**WORK TO COMPLETE:** In the material below, find the line containing "b_ - al_ * de_))))" and the line containing "(Repl (- (h_ * de_ * b_)))", then reproduce exactly both of them and every line between, and nothing else.
── DATA SUPPLIED ──
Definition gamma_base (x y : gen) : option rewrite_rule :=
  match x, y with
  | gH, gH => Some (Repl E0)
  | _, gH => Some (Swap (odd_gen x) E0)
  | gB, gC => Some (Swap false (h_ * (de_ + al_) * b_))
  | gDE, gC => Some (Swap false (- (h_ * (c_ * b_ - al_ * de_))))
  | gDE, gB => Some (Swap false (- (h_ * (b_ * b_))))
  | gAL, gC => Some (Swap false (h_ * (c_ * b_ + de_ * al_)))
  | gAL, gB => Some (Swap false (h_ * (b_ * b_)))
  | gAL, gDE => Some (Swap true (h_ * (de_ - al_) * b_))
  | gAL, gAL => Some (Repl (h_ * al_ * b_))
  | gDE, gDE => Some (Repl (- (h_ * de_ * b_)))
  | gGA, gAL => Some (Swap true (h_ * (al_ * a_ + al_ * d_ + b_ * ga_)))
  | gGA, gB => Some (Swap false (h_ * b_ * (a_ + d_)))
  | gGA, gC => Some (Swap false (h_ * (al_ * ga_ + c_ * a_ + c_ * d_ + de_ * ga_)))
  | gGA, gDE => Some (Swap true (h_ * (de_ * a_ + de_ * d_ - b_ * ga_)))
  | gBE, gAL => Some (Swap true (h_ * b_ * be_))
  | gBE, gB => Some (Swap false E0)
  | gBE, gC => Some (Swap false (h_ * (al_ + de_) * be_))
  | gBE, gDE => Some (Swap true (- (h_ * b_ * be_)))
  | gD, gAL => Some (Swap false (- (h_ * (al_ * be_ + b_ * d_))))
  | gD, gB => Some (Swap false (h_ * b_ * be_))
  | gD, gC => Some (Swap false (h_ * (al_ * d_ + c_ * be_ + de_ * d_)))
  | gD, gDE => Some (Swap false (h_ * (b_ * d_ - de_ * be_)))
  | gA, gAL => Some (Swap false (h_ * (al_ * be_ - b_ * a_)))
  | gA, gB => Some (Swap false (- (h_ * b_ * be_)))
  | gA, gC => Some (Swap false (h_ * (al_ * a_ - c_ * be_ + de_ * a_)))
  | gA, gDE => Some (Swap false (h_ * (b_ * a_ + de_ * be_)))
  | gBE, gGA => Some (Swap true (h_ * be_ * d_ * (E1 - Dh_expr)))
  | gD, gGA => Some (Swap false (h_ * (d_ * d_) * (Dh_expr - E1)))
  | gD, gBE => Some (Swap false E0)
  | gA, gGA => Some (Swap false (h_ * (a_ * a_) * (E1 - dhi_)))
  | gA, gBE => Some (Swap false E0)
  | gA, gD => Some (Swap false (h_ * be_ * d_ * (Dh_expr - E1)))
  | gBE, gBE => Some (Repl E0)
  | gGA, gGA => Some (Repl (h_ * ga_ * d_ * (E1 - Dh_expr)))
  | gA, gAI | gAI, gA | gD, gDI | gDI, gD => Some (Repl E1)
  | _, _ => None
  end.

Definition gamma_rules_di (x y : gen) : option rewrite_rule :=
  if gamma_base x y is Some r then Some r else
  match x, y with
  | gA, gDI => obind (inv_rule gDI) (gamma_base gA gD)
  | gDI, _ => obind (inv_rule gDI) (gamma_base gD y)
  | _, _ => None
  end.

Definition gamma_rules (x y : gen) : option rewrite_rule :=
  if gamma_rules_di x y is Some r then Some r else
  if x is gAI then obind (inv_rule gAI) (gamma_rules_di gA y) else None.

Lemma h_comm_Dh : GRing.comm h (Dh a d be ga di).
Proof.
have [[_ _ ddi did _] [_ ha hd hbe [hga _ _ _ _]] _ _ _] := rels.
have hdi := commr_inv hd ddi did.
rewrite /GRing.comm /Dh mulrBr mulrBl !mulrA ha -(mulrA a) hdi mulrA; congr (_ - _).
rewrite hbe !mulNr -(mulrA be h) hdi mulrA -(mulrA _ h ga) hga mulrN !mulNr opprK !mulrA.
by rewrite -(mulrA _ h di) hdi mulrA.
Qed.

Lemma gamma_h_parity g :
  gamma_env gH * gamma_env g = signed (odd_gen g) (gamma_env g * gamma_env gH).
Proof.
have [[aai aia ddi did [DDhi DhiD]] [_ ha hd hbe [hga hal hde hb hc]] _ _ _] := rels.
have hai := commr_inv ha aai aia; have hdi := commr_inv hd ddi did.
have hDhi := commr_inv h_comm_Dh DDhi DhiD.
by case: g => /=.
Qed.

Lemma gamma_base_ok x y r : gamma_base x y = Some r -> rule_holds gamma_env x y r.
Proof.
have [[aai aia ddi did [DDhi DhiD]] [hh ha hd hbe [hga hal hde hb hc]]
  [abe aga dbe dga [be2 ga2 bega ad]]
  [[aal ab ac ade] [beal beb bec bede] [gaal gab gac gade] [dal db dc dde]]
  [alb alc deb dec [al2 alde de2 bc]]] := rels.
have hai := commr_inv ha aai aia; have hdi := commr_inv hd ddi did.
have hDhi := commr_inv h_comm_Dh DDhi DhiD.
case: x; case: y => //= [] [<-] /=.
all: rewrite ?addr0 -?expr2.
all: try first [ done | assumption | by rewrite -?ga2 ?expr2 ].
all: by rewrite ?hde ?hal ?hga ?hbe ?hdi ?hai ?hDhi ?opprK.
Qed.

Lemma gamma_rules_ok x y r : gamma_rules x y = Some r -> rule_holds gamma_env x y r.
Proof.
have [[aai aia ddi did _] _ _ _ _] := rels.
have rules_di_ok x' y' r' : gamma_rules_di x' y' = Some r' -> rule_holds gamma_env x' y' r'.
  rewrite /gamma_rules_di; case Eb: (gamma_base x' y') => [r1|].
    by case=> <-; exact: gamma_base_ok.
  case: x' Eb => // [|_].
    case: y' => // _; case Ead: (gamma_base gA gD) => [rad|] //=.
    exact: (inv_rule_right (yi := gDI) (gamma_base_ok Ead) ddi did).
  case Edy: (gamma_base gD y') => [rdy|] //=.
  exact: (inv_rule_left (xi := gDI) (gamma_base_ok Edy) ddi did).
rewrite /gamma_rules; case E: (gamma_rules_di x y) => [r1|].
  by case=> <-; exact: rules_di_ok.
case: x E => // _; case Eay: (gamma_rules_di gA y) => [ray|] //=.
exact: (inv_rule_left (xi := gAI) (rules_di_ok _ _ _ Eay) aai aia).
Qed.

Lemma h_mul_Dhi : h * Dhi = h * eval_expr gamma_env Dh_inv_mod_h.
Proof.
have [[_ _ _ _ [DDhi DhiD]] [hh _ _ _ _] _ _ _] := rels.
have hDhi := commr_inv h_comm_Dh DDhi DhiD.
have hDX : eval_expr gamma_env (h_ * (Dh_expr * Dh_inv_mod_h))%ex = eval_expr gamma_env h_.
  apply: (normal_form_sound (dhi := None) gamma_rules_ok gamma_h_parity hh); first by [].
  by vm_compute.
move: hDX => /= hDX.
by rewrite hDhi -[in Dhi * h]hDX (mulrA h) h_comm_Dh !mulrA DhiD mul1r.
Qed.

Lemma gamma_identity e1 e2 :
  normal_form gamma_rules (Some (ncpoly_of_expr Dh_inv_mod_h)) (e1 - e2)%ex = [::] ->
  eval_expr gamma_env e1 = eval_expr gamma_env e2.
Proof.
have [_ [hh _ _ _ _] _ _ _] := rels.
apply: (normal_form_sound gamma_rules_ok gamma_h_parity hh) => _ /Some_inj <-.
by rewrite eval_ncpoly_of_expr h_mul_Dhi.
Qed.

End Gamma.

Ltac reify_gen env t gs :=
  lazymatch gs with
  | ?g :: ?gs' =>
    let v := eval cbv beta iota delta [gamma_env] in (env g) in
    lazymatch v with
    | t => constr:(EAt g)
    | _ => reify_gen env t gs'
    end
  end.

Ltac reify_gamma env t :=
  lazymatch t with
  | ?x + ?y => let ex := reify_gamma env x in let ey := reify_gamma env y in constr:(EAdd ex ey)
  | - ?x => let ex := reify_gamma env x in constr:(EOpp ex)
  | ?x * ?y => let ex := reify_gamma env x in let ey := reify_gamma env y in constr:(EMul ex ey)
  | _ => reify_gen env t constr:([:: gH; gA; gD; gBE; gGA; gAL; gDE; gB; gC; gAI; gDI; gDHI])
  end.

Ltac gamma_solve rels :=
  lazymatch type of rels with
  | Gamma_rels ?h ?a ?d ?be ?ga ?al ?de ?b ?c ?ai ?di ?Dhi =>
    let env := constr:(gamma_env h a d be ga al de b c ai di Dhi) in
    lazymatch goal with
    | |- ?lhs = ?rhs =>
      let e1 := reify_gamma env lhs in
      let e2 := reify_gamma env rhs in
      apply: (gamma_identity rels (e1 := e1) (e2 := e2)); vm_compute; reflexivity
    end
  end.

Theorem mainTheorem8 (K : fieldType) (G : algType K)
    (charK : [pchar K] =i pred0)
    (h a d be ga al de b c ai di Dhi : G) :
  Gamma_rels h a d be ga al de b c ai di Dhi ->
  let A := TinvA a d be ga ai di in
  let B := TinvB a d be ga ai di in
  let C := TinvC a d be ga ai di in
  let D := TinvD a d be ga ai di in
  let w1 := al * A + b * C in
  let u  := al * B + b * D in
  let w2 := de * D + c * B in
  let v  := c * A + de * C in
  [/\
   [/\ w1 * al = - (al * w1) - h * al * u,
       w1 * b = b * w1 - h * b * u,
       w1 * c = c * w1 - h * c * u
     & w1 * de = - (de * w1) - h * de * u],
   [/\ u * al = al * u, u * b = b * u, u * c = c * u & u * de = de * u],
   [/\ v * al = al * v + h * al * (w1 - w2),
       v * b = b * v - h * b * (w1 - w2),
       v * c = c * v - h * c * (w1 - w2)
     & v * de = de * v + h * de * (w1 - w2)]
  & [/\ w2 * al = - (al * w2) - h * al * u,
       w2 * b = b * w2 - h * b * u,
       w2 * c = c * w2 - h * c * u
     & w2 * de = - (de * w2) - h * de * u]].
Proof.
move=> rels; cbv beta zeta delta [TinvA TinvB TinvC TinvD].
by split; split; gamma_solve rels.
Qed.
───
**SOLUTION FOR THIS PROBLEM:**
  | gDE, gC => Some (Swap false (- (h_ * (c_ * b_ - al_ * de_))))
  | gDE, gB => Some (Swap false (- (h_ * (b_ * b_))))
  | gAL, gC => Some (Swap false (h_ * (c_ * b_ + de_ * al_)))
  | gAL, gB => Some (Swap false (h_ * (b_ * b_)))
  | gAL, gDE => Some (Swap true (h_ * (de_ - al_) * b_))
  | gAL, gAL => Some (Repl (h_ * al_ * b_))
  | gDE, gDE => Some (Repl (- (h_ * de_ * b_)))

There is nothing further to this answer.